Zero insertion force (ZIF) is a type of IC socket or electrical connector that requires very little (but not literally zero) force for insertion. With a ZIF socket, before the IC is inserted, a lever or slider on the side of the socket is moved, pushing all the sprung contacts apart so that the IC can be inserted with very little force - generally the weight of the IC itself is sufficient and no external downward force is required. The lever is then moved back, allowing the contacts to close and grip the pins of the IC. ZIF sockets are much more expensive than standard IC sockets and also tend to take up a larger board area due to the space taken up by the lever mechanism. Typically, they are only used when there is a specific need for them, such as an EPROM programmer, for prototyping work or for some large processor chips where non-ZIF sockets are impractical.

== Design ==

Demonstration of a PGA-ZIF socket (AMD 754)

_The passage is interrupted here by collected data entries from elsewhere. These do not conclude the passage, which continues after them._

(* Let $X$ and $Y$ be discrete random variables on finite alphabets $\mathcal{X}$ and $\mathcal{Y}$ with joint distribution $P_{XY}$ and marginal $q_Y$. Define, for $\varepsilon\in[\mathsf{P}_{\mathsf{c}}(X),\mathsf{P}_{\mathsf{c}}(X|Y)]$, $$\underline{\mathcal{h}}(\varepsilon)=\sup\{\mathsf{P}_{\mathsf{c}}(Y|Z): P_{Z|Y},\ \mathcal{Z}=\mathcal{Y},\ X - Y - Z,\ \mathsf{P}_{\mathsf{c}}(X|Z)\le\varepsilon\}.$$ If $\mathsf{P}_{\mathsf{c}}(X)<\mathsf{P}_{\mathsf{c}}(X|Y)$, then there exists $\varepsilon_{\mathsf L}\in(\mathsf{P}_{\mathsf{c}}(X),\mathsf{P}_{\mathsf{c}}(X|Y))$ such that $\underline{\mathcal{h}}$ is linear on $[\varepsilon_{\mathsf L},\mathsf{P}_{\mathsf{c}}(X|Y)]$; in particular, for every $\varepsilon\in[\varepsilon_{\mathsf L},\mathsf{P}_{\mathsf{c}}(X|Y)]$, $$\underline{\mathcal{h}}(\varepsilon)=1-(\mathsf{P}_{\mathsf{c}}(X|Y)-\varepsilon)\,\underline{\mathcal{h}}'(\mathsf{P}_{\mathsf{c}}(X|Y)),$$ where $\underline{\mathcal{h}}'(\mathsf{P}_{\mathsf{c}}(X|Y))$ denotes the left derivative of $\underline{\mathcal{h}}$ at $\mathsf{P}_{\mathsf{c}}(X|Y)$. Moreover, if $q_Y(y)>0$ for all $y\in\mathcal{Y}$ and for each $y\in\mathcal{Y}$ there exists a (unique) $x_y\in\mathcal{X}$ with $P_{X|Y}(x_y|y)>P_{X|Y}(x|y)$ for all $x\ne x_y$, then $$\underline{\mathcal{h}}'(\mathsf{P}_{\mathsf{c}}(X|Y))=\min_{(y,z)\in\mathcal{Y}\times\mathcal{Y}}\frac{q_Y(y)}{P_{XY}(x_y,y)-P_{XY}(x_z,y)},$$ with the convention $\frac{x}{0}=+\infty$ for $x>0$. In addition, if $(y_0,z_0)\in\mathcal{Y}\times\mathcal{Y}$ attains this minimum, then there exists $\varepsilon_{\mathsf L}^{y_0,z_0}<\mathsf{P}_{\mathsf{c}}(X|Y)$ such that the $N$-ary Z-channel $\mathsf{Z}^{y_0,z_0}(\zeta^{y_0,z_0}(\varepsilon))$ achieves $\underline{\mathcal{h}}(\varepsilon)$ for every $\varepsilon\in[\varepsilon_{\mathsf L}^{y_0,z_0},\mathsf{P}_{\mathsf{c}}(X|Y)]$, where $$\zeta^{y_0,z_0}(\varepsilon)=\frac{\mathsf{P}_{\mathsf{c}}(X|Y)-\varepsilon}{P_{XY}(x_{y_0},y_0)-P_{XY}(x_{z_0},y_0)}.$$
   Context: $\mathsf{P}_{\mathsf{c}}(X)=\max_xP_X(x)$ and $\mathsf{P}_{\mathsf{c}}(X|Z)=\sum_z\max_xP_{XZ}(x,z)$. In the definition of $\underline{\mathcal{h}}$, the channel $P_{Z|Y}$ has output alphabet equal to $\mathcal{Y}$ and $X - Y - Z$ is a Markov chain. For $(y_0,z_0)\in\mathcal{Y}\times\mathcal{Y}$ and $\gamma\in[0,1]$, the $N$-ary Z-channel $\mathsf{Z}^{y_0,z_0}(\gamma)$ (with $N=|\mathcal{Y}|$) is the channel $\mathsf{W}$ with input and output alphabet $\mathcal{Y}$ given by $\mathsf{W}(y|y)=1$ for $y\ne y_0$, $\mathsf{W}(z_0|y_0)=\gamma$, $\mathsf{W}(y_0|y_0)=1-\gamma$. ''Achieves $\underline{\mathcal{h}}(\varepsilon)$'' means it satisfies the constraint $\mathsf{P}_{\mathsf{c}}(X|Z)\le\varepsilon$ and attains $\mathsf{P}_{\mathsf{c}}(Y|Z)=\underline{\mathcal{h}}(\varepsilon)$. *)

From HB Require Import structures.
From mathcomp Require Import all_boot all_order all_algebra.
From mathcomp Require Import all_classical all_reals.
From mathcomp Require Import topology normedtype.
Set Implicit Arguments. Unset Strict Implicit. Unset Printing Implicit Defensive.
Import Order.TTheory GRing.Theory Num.Theory.
Import numFieldNormedType.Exports.
Local Open Scope classical_set_scope.
Local Open Scope ring_scope.

Section Defs.
Variables (R : realType) (X Y : finType).

Definition is_joint (P : X -> Y -> R) :=
  (forall x y, 0 <= P x y) /\ \sum_(x : X) \sum_(y : Y) P x y = 1.

Definition qY (P : X -> Y -> R) (y : Y) : R := \sum_(x : X) P x y.

Definition condXY (P : X -> Y -> R) (x : X) (y : Y) : R := P x y / qY P y.

Definition PcX (P : X -> Y -> R) : R :=
  \big[Num.max/0]_(x : X) \sum_(y : Y) P x y.

Definition PcXgY (P : X -> Y -> R) : R :=
  \sum_(y : Y) \big[Num.max/0]_(x : X) P x y.

(* a channel P_{Z|Y} with output alphabet Z = Y; W y z = P_{Z|Y}(z|y) *)
Definition is_channel (W : Y -> Y -> R) :=
  (forall y z, 0 <= W y z) /\ (forall y, \sum_(z : Y) W y z = 1).

(* X - Y - Z Markov chain: P_{XZ}(x,z) = sum_y P_XY(x,y) W(z|y) *)
Definition PcXgZ (P : X -> Y -> R) (W : Y -> Y -> R) : R :=
  \sum_(z : Y) \big[Num.max/0]_(x : X) (\sum_(y : Y) P x y * W y z).

Definition PcYgZ (P : X -> Y -> R) (W : Y -> Y -> R) : R :=
  \sum_(z : Y) \big[Num.max/0]_(y : Y) (qY P y * W y z).

Definition hlow (P : X -> Y -> R) (eps : R) : R :=
  sup [set PcYgZ P W | W in [set W | is_channel W /\ PcXgZ P W <= eps]].

Definition zchannel (y0 z0 : Y) (g : R) : Y -> Y -> R :=
  fun y z => if y == y0 then
               (if z == z0 then g else if z == y0 then 1 - g else 0)
             else (if z == y then 1 else 0).

Definition achieves (P : X -> Y -> R) (W : Y -> Y -> R) (eps : R) :=
  is_channel W /\ PcXgZ P W <= eps /\ PcYgZ P W = hlow P eps.

Definition pc_ratio (P : X -> Y -> R) (xs : Y -> X) (p : Y * Y) : \bar R :=
  let d := P (xs p.1) p.1 - P (xs p.2) p.1 in
  if d == 0 then +oo%E else (qY P p.1 / d)%:E.

Definition min_pc_ratio (P : X -> Y -> R) (xs : Y -> X) : \bar R :=
  \big[Order.min/+oo%E]_(p : Y * Y) pc_ratio P xs p.

Definition zeta_yz (P : X -> Y -> R) (xs : Y -> X) (y0 z0 : Y) (eps : R) : R :=
  (PcXgY P - eps) / (P (xs y0) y0 - P (xs z0) y0).

End Defs.

Definition left_dq (R : realType) (f : R -> R) (b : R) : R -> R :=
  fun e => (f b - f e) / (b - e).
Definition left_deriv (R : realType) (f : R -> R) (b : R) : R :=
  lim (left_dq f b @ b^'-).

From HB Require Import structures.
From mathcomp Require Import all_boot all_order all_algebra.
From mathcomp Require Import all_classical all_reals.
From mathcomp Require Import topology normedtype derive.
From mathcomp Require Import ring lra.
Import Order.TTheory GRing.Theory Num.Theory.
Import numFieldNormedType.Exports.
Local Open Scope classical_set_scope.
Local Open Scope ring_scope.

(** For a channel [W], put [d = Pc(X|Y) - Pc(X|Z)] and [u = 1 - Pc(Y|Z)].
  In an output column [z] the guess of [Y] is some row [ys]; [u] collects the
  [q]-mass sent into [z] by the other rows, and guessing [X] by a maximiser [x]
  of column [ys] loses at most [pc_loss x] of that mass.  Normalising the
  column turns the worst ratio into a linear program over the compact
  polytopes [merge_simplex z]; if [M] is its value, then [M * u >= d] for every
  channel.  Conversely, merging the fraction [t * a y] of each row [y] into
  column [z], for an optimal [a], costs exactly [t] of [Pc(Y|Z)] and, while [t]
  is too small to change any decision for [X], exactly [t * M] of [Pc(X|Z)].
  So [hlow] is affine with slope [1 / M] near [Pc(X|Y)].  When every row has a
  unique argmax, the program is solved at the vertex [e_y0 / q y0] of a pair
  minimising [pc_ratio], and the optimal merge channel is the Z-channel. *)

Set Implicit Arguments. Unset Strict Implicit. Unset Printing Implicit Defensive.

Lemma left_dq_affine (R : realType) (f : R -> R) b c k t0 : 0 < t0 ->
  (forall e, b - t0 <= e <= b -> f e = c - k * (b - e)) ->
  left_dq f b @ b^'- --> k.
Proof.
move=> t0_gt0 fE; apply: cvg_near_cst; near=> e.
have e_ge : b - t0 <= e by near: e; apply: nbhs_left_ge; rewrite ltrBlDr ltrDl.
have e_lt : e < b by near: e; exact: nbhs_left_lt.
rewrite /left_dq !fE ?e_ge ?lexx ?(ltW e_lt) ?gerBl ?ltW //.
by rewrite subrr mulr0 subr0 opprB addrC subrK mulfK // subr_eq0 gt_eqF.
Unshelve. all: by end_near.
Qed.

Section JointDistribution.
Variables (R : realType) (X Y : finType) (P : X -> Y -> R).
Hypothesis HP : is_joint P.

Definition Pmax (y : Y) : R := \big[Num.max/0]_(x : X) P x y.

Definition pc_loss (x : X) (a : Y -> R) : R := \sum_y (Pmax y - P x y) * a y.

Lemma joint_ge0 x y : 0 <= P x y.
Proof. by case: HP. Qed.

Lemma qY_ge0 y : 0 <= qY P y.
Proof. by apply: sumr_ge0 => x _; exact: joint_ge0. Qed.

Lemma qY_neq0_gt0 y : qY P y != 0 -> 0 < qY P y.
Proof. by rewrite lt_def qY_ge0 andbT. Qed.

Lemma joint_le_qY x y : P x y <= qY P y.
Proof. by rewrite /qY (bigD1 x) //= lerDl sumr_ge0 // => i _; exact: joint_ge0. Qed.

Lemma sum_qY : \sum_y qY P y = 1.
Proof. by case: HP => _ <-; rewrite /qY exchange_big. Qed.

Lemma exists_qY_gt0 : exists y, 0 < qY P y.
Proof.
have : \sum_y qY P y != 0 by rewrite sum_qY oner_neq0.
by rewrite psumr_neq0 => [/hasP[y _ /andP[_ q_gt0]]|y _]; [exists y|exact: qY_ge0].
Qed.

Lemma inhabitedX : inhabited X.
Proof.
case: (pickP (@predT X)) => [x _|X0]; first exact: inhabits x.
by case: HP => _; rewrite big_pred0 // => /eqP; rewrite eq_sym oner_eq0.
Qed.

Lemma inhabitedY : inhabited Y.
Proof.
case: (pickP (@predT Y)) => [y _|Y0]; first exact: inhabits y.
case: HP => _; rewrite big1 => [/eqP|x _]; first by rewrite eq_sym oner_eq0.
exact: big_pred0.
Qed.

Lemma joint_le_Pmax x y : P x y <= Pmax y.
Proof. exact: (le_bigmax 0 (P^~ y)). Qed.

Lemma Pmax_ge0 y : 0 <= Pmax y.
Proof.
by case: inhabitedX => x; exact: le_trans (joint_ge0 x y) (joint_le_Pmax x y).
Qed.

Lemma Pmax_le_qY y : Pmax y <= qY P y.
Proof. by apply: bigmax_le => [|x _]; [exact: qY_ge0|exact: joint_le_qY]. Qed.

Lemma qY_eq0_joint x y : qY P y = 0 -> P x y = 0.
Proof. by move=> q0; apply/eqP; rewrite eq_le joint_ge0 andbT -q0 joint_le_qY. Qed.

Lemma qY_eq0_Pmax y : qY P y = 0 -> Pmax y = 0.
Proof. by move=> q0; apply/eqP; rewrite eq_le Pmax_ge0 andbT -q0 Pmax_le_qY. Qed.

Lemma exists_column_argmax : exists xs : Y -> X, forall y, P (xs y) y = Pmax y.
Proof.
case: inhabitedX => x0; exists (fun y => [arg max_(x > x0) P x y]%O) => y.
by rewrite /Pmax (bigmax_eq_arg 0 x0 predT) // => x _; exact: joint_ge0.
Qed.

Lemma sum_joint_le_PcX x : \sum_y P x y <= PcX P.
Proof. exact: (le_bigmax 0 (fun x => \sum_y P x y)). Qed.

Definition column_gap (z : Y) : R :=
  \big[Num.min/1]_(x | P x z < Pmax z) (Pmax z - P x z).

Lemma column_gap_gt0 z : 0 < column_gap z.
Proof. by apply: lt_bigmin => // x; rewrite subr_gt0. Qed.

Lemma column_gap_le z x : P x z < Pmax z -> column_gap z <= Pmax z - P x z.
Proof. by move=> lt_x; exact: bigmin_le_cond. Qed.

Lemma sum_mul_indicator (f : Y -> R) z : \sum_y f y * (y == z)%:R = f z.
Proof.
by rewrite (bigD1 z) //= eqxx mulr1 big1 ?addr0 // => y /negbTE ->; rewrite mulr0.
Qed.

Lemma sum_indicator (z : Y) : \sum_y (y == z)%:R = 1 :> R.
Proof. by rewrite (bigD1 z) //= eqxx big1 ?addr0 // => y /negbTE ->. Qed.

Lemma sum_indicator_sym (z : Y) : \sum_y (z == y)%:R = 1 :> R.
Proof. by under eq_bigr do rewrite eq_sym; exact: sum_indicator. Qed.

Definition merge_channel (z0 : Y) (v : Y -> R) : Y -> Y -> R :=
  fun y z => (y == z)%:R * (1 - v y) + (z == z0)%:R * v y.

Lemma merge_channel_is_channel z0 v :
  (forall y, 0 <= v y <= 1) -> is_channel (merge_channel z0 v).
Proof.
move=> v01; split=> [y z|y].
  by have /andP[? ?] := v01 y; rewrite addr_ge0 ?mulr_ge0 ?subr_ge0.
by rewrite big_split /= -!mulr_suml sum_indicator_sym sum_indicator !mul1r subrK.
Qed.

Lemma sum_merge_channel (f : Y -> R) z0 v z :
  \sum_y f y * merge_channel z0 v y z =
  f z * (1 - v z) + (z == z0)%:R * \sum_y f y * v y.
Proof.
rewrite /merge_channel; under eq_bigr do rewrite mulrDr.
rewrite big_split /= mulr_sumr; congr (_ + _).
  rewrite -(sum_mul_indicator (fun y => f y * (1 - v y)) z).
  by apply: eq_bigr => y _; rewrite mulrCA mulrC.
by apply: eq_bigr => y _; rewrite mulrCA.
Qed.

A normal integrated circuit (IC) socket requires the IC to be pushed into sprung contacts which then grip by friction. For an IC with hundreds of pins, the total insertion force can be very large (hundreds of newtons), leading to a danger of damage to the device or the circuit board. Also, even with relatively small pin counts, each pin extraction is fairly awkward and carries a significant risk of bending pins, particularly if the person performing the extraction hasn't had much practice or if the board is crowded. Low insertion force (LIF) sockets reduce the issues of insertion and extraction, but because of its lower insertion force than a conventional socket, are likely to produce less reliable connections.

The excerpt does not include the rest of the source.